The strategic plan and reorganization, the first major restructuring of the U.S. bishops’ conference since 1961, passed easily (213-19).
In other matters, the bishops approved a 16-percent cut in the diocesan assessments (158-6), endorsed a set of priorities and plans for 2007 (210-20, three abstentions), and elected several heads and members of committees.

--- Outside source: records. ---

Lemma decreasing_between_ends (p dp : R -> R) a b y :
  a < y < b -> (forall z, a < z < b -> is_derive p z (dp z) /\ dp z < 0) ->
  continuous_within a b p a -> continuous_within a b p b -> p b <= p y <= p a.
Proof.
  intros Hy Hd Ha Hb.
  assert (Hdecr : forall s t, a < s -> s < t -> t < b -> p t < p s).
  { intros s t Hs Hst Htb.
    enough (- p s < - p t) by lra.
    apply (incr_function (fun z => - p z) a b (fun z => - dp z)); auto;
      intros z Hz1 Hz2; simpl in Hz1, Hz2.
    - apply (is_derive_opp p), Hd; lra.
    - destruct (Hd z); lra. }
  split.
  - apply (le_at_interval_closure y b p b (p y)); try lra.
    + apply (continuous_within_sub a b); [lra | lra | exact Hb].
    + intros t Ht; left; apply Hdecr; lra.
  - apply (ge_at_interval_closure a y p a (p y)); try lra.
    + apply (continuous_within_sub a b); [lra | lra | exact Ha].
    + intros t Ht; left; apply Hdecr; lra.
Qed.

Lemma Derive_even_0 f : (forall x, f (- x) = f x) -> ex_derive f 0 -> Derive f 0 = 0.
Proof.
  intros Heven Hf.
  assert (Hrefl : is_derive (fun t => f (- t)) 0 (- Derive f 0)).
  { auto_derive; [now rewrite Ropp_0|].
    change (Derive (fun t => f t)) with (Derive f); rewrite Ropp_0; ring. }
  assert (Hsame : is_derive (fun t => f (- t)) 0 (Derive f 0)).
  { apply (is_derive_ext f); [intros t; rewrite Heven; auto| apply Derive_correct, Hf]. }
  pose proof (is_derive_unique _ _ _ Hrefl); pose proof (is_derive_unique _ _ _ Hsame); lra.
Qed.

Lemma list_lt_max {A} (F : A -> R) (l : list A) m :
  (forall t, In t l -> F t < m) -> exists c, c < m /\ forall t, In t l -> F t <= c.
Proof.
  induction l as [|a l IH]; intros Hl.
  - exists (m - 1); split; [lra| intros t []].
  - destruct IH as [c [Hc Hcl]]; [intros t Ht; apply Hl; right; exact Ht|].
    exists (Rmax c (F a)); split; [apply Rmax_case; [exact Hc| apply Hl; left; reflexivity]|].
    intros t [<- | Ht]; [apply Rmax_r| eapply Rle_trans; [apply Hcl, Ht| apply Rmax_l]].
Qed.

(* Each point of the rectangle has a neighbourhood on which [F] stays below the
   midpoint of [F] and [m]; finitely many of them cover the rectangle. *)
Lemma rectangle_sup_lt (F : R -> R -> R) a b a' b' m :
  (forall x y, a <= x <= b -> a' <= y <= b' -> continuity_2d_pt F x y /\ F x y < m) ->
  exists c, c < m /\ forall x y, a <= x <= b -> a' <= y <= b' -> F x y <= c.
Proof.
  intros HF.
  set (rect := fun x y => a <= x <= b /\ a' <= y <= b').
  assert (Hex : forall x y, exists del : posreal, rect x y ->
     forall s t, Rabs (s - x) < del -> Rabs (t - y) < del -> F s t < (m + F x y) / 2).
  { intros x y. destruct (excluded_middle_informative (rect x y)) as [[Hx Hy] | Hr].
    - destruct (HF x y Hx Hy) as [Hc Hlt].
      assert (He : 0 < (m - F x y) / 2) by lra.
      destruct (Hc (mkposreal _ He)) as [del Hdel]. exists del; intros _ s t Hs Ht.
      specialize (Hdel s t Hs Ht); simpl in Hdel; apply Rabs_def2 in Hdel; lra.
    - exists (mkposreal 1 Rlt_0_1); intros Hr'; contradiction. }
  set (delta := fun x y => proj1_sig (constructive_indefinite_description _ (Hex x y))).
  assert (Hdelta : forall x y, rect x y -> forall s t,
     Rabs (s - x) < delta x y -> Rabs (t - y) < delta x y -> F s t < (m + F x y) / 2).
  { intros x y; unfold delta; destruct constructive_indefinite_description as [del Hdel]; exact Hdel. }
  apply NNPP; intros Hno.
  apply (compactness_list 2 (a, (a', tt)) (b, (b', tt))
           (fun p => match p with (x, (y, _)) => delta x y end)).
  intros [l Hl]; apply Hno.
  set (G := fun p : Compactness.Tn 2 R => match p with (x, (y, _)) =>
     if excluded_middle_informative (rect x y) then (m + F x y) / 2 else m - 1 end).
  destruct (list_lt_max G l m) as [c [Hc Hcl]].
  { intros [x [y []]] _; unfold G.
    destruct excluded_middle_informative as [[Hx Hy] |]; [|lra].
    destruct (HF x y Hx Hy); lra. }
  exists c; split; [exact Hc|]. intros x y Hx Hy.
  destruct (Hl (x, (y, tt))) as [[s [t []]] [Hin [[Hs1 [Ht1 _]] [Hs2 [Ht2 _]]]]]; [simpl; auto|].
  specialize (Hcl _ Hin); unfold G in Hcl.
  destruct excluded_middle_informative as [Hr | Hr]; [|exfalso; apply Hr; split; auto].
  specialize (Hdelta s t Hr x y Hs2 Ht2); lra.
Qed.

Definition clamp (lo hi t : R) : R := Rmax lo (Rmin t hi).

Lemma clamp_between lo hi t : lo <= hi -> lo <= clamp lo hi t <= hi.
Proof. intros H; unfold clamp; split; [apply Rmax_l| apply Rmax_lub; [lra| apply Rmin_r]]. Qed.

Lemma clamp_id lo hi t : lo <= t <= hi -> clamp lo hi t = t.
Proof. intros H; unfold clamp; rewrite Rmin_left, Rmax_right; lra. Qed.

As the bishops adjourned for the day – nearly two hours later than scheduled – there was a palpable sense of accomplishment and even relief at having negotiated several rather sensitive issues. Catholics who seek more leadership and stronger catechesis from episcopal statements will generally be well pleased with what the conference has produced this week, although there remains a question of how much the bishops’ teachings and pastoral advice will filter down to the average lay Catholic. The streamlining of conference committees and personnel, not unlike the prudent scaling back of bureaucracies that sometimes are necessary in corporations and governments, ought to enhance the bishops’ pastoral ministries by making them more efficient and effective in carrying out their mission with a superior sense of stewardship of resources.
Wednesday and Thursday are closed executive sessions, primarily for prayer and reflection, and little is expected to be revealed outside the meeting room. I’ll offer some concluding observations on the U.S. bishops’ fall meeting in my third and final report tomorrow morning.